» **Your assignment**: In the listing below, find every line containing "rewrite" and copy it out.

» **Task material**:
Theorem lemma7 (d : measure_display) (V : measurableType d) (R : realType)
    (X : finType) (n : nat) (K : nat -> X -> V -> V -> R) (nu : nat -> R)
    (hn : (1 <= n)%N)
    (Kmeas : forall i x, measurable_fun setT (fun p : V * V => K i x p.1 p.2))
    (Kprob : forall i v w, \sum_(x : X) K i x v w = 1)
    (nu_pos : forall i, 0 < nu i)
    (H2 : forall i x v w, nu i <= K i x v w <= 1)
    (pi pi' : probability V R) (q : nat) (hq : (1 <= q <= n)%N)
    (obs : nat -> X) :
  (`| ln (condP pi n K obs q) - ln (condP pi' n K obs q) |%:E <=
   (2 * \sum_(0 <= l < n.+2 - q)
          ((nu q * nu (q + l)%N.-1 * nu (q + l)%N)^-1
           * \prod_(q.+1 <= k < q + l) (1 - nu k)))%:E
   * tvnorm pi pi')%E.
Proof.
case/andP: hq => q_gt0 q_le_n.
have nu_le1 := nu_le1 K nu obs H2.
have sum_gt0 : 0 < \sum_(0 <= l < n.+2 - q) tv_coef nu q l.
  have -> : (n.+2 - q = (n - q).+2)%N by rewrite !subSn // leqW.
  exact: sum_tv_coef_gt0.
case E: tvnorm => [t| |]; last by have := tvnorm_ge0 pi pi'; rewrite E.
  rewrite -EFinM lee_fin.
  apply: le_trans (ln_condP_dist Kmeas Kprob nu_pos H2 q_gt0 q_le_n E) _.
  apply: ler_wpM2r; first by rewrite -lee_fin -E tvnorm_ge0.
  by apply: ler_peMl; [exact: ltW | rewrite ler1n].
by rewrite gt0_muley ?lte_fin ?mulr_gt0 // leey.
Qed.
Lemma ex_cint_continuous (h : R -> C) (a b : R) : (a <= b)%R ->
  (forall t, (a <= t <= b)%R -> continuous (U := C_R_NormedModule) h t) -> ex_cint h a b.
Proof.
  intros Hab Hh. apply (ex_RInt_continuous (V := C_R_CompleteNormedModule)).
  intros t Ht. rewrite Rmin_left, Rmax_right in Ht by lra. apply Hh, Ht.
Qed.

Lemma continuous_bounded (h : R -> C) (a b : R) : (a <= b)%R ->
  (forall t, (a <= t <= b)%R -> continuous (U := C_R_NormedModule) h t) ->
  exists M, forall t, (a <= t <= b)%R -> (Cmod (h t) <= M)%R.
Proof.
  intros Hab Hh.
  destruct (continuity_ab_maj (fun t => Cmod (h t)) a b Hab) as [t0 [HM _]].
  - intros t Ht. apply continuity_pt_filterlim.
    apply (filterlim_ext (fun s => norm (K := R_AbsRing) (V := C_R_NormedModule) (h s))).
    { intros s. apply norm_C_R. }
    rewrite <- (norm_C_R (h t)).
    apply (continuous_comp (V := C_R_NormedModule) h norm).
    + apply Hh, Ht.
    + apply filterlim_norm.
  - exists (Cmod (h t0)). exact HM.
Qed.

Lemma continuous_Re (h : R -> C) (t : R) : continuous (U := C_R_NormedModule) h t ->
  continuous (fun s => Re (h s)) t.
Proof.
  intros Hh. apply (continuous_comp (V := C_R_NormedModule) h); [exact Hh|].
  destruct (h t). apply continuous_fst.
Qed.

Lemma continuous_Im (h : R -> C) (t : R) : continuous (U := C_R_NormedModule) h t ->
  continuous (fun s => Im (h s)) t.
Proof.
  intros Hh. apply (continuous_comp (V := C_R_NormedModule) h); [exact Hh|].
  destruct (h t). apply continuous_snd.
Qed.

Lemma RInt_lt_0 (f : R -> R) (a b : R) : (a < b)%R -> (forall x, (a < x < b)%R -> (f x < 0)%R) ->
  (forall x, (a <= x <= b)%R -> continuous f x) -> (RInt f a b < 0)%R.
Proof.
  intros Hab Hf Hc.
  replace 0%R with (RInt (fun _ => 0%R) a b) by (rewrite RInt_const; apply Rmult_0_r).
  apply RInt_lt; try assumption. intros; apply continuous_const.
Qed.

(** * Contour integrals over rectangles *)

Definition rect_int (g : C -> C) (x1 x2 y1 y2 : R) : C :=
  cint (fun t => g (t, y1)) x1 x2 + Ci * cint (fun t => g (x2, t)) y1 y2
  - cint (fun t => g (t, y2)) x1 x2 - Ci * cint (fun t => g (x1, t)) y1 y2.

Definition on_boundary (x1 x2 y1 y2 x y : R) : Prop :=
  (x1 <= x <= x2)%R /\ (y1 <= y <= y2)%R /\ (x = x1 \/ x = x2 \/ y = y1 \/ y = y2).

» **Answer to this problem**:
  have -> : (n.+2 - q = (n - q).+2)%N by rewrite !subSn // leqW.
case E: tvnorm => [t| |]; last by have := tvnorm_ge0 pi pi'; rewrite E.
  rewrite -EFinM lee_fin.
  apply: ler_wpM2r; first by rewrite -lee_fin -E tvnorm_ge0.
  by apply: ler_peMl; [exact: ltW | rewrite ler1n].
by rewrite gt0_muley ?lte_fin ?mulr_gt0 // leey.
  intros t Ht. rewrite Rmin_left, Rmax_right in Ht by lra. apply Hh, Ht.
    rewrite <- (norm_C_R (h t)).
  replace 0%R with (RInt (fun _ => 0%R) a b) by (rewrite RInt_const; apply Rmult_0_r).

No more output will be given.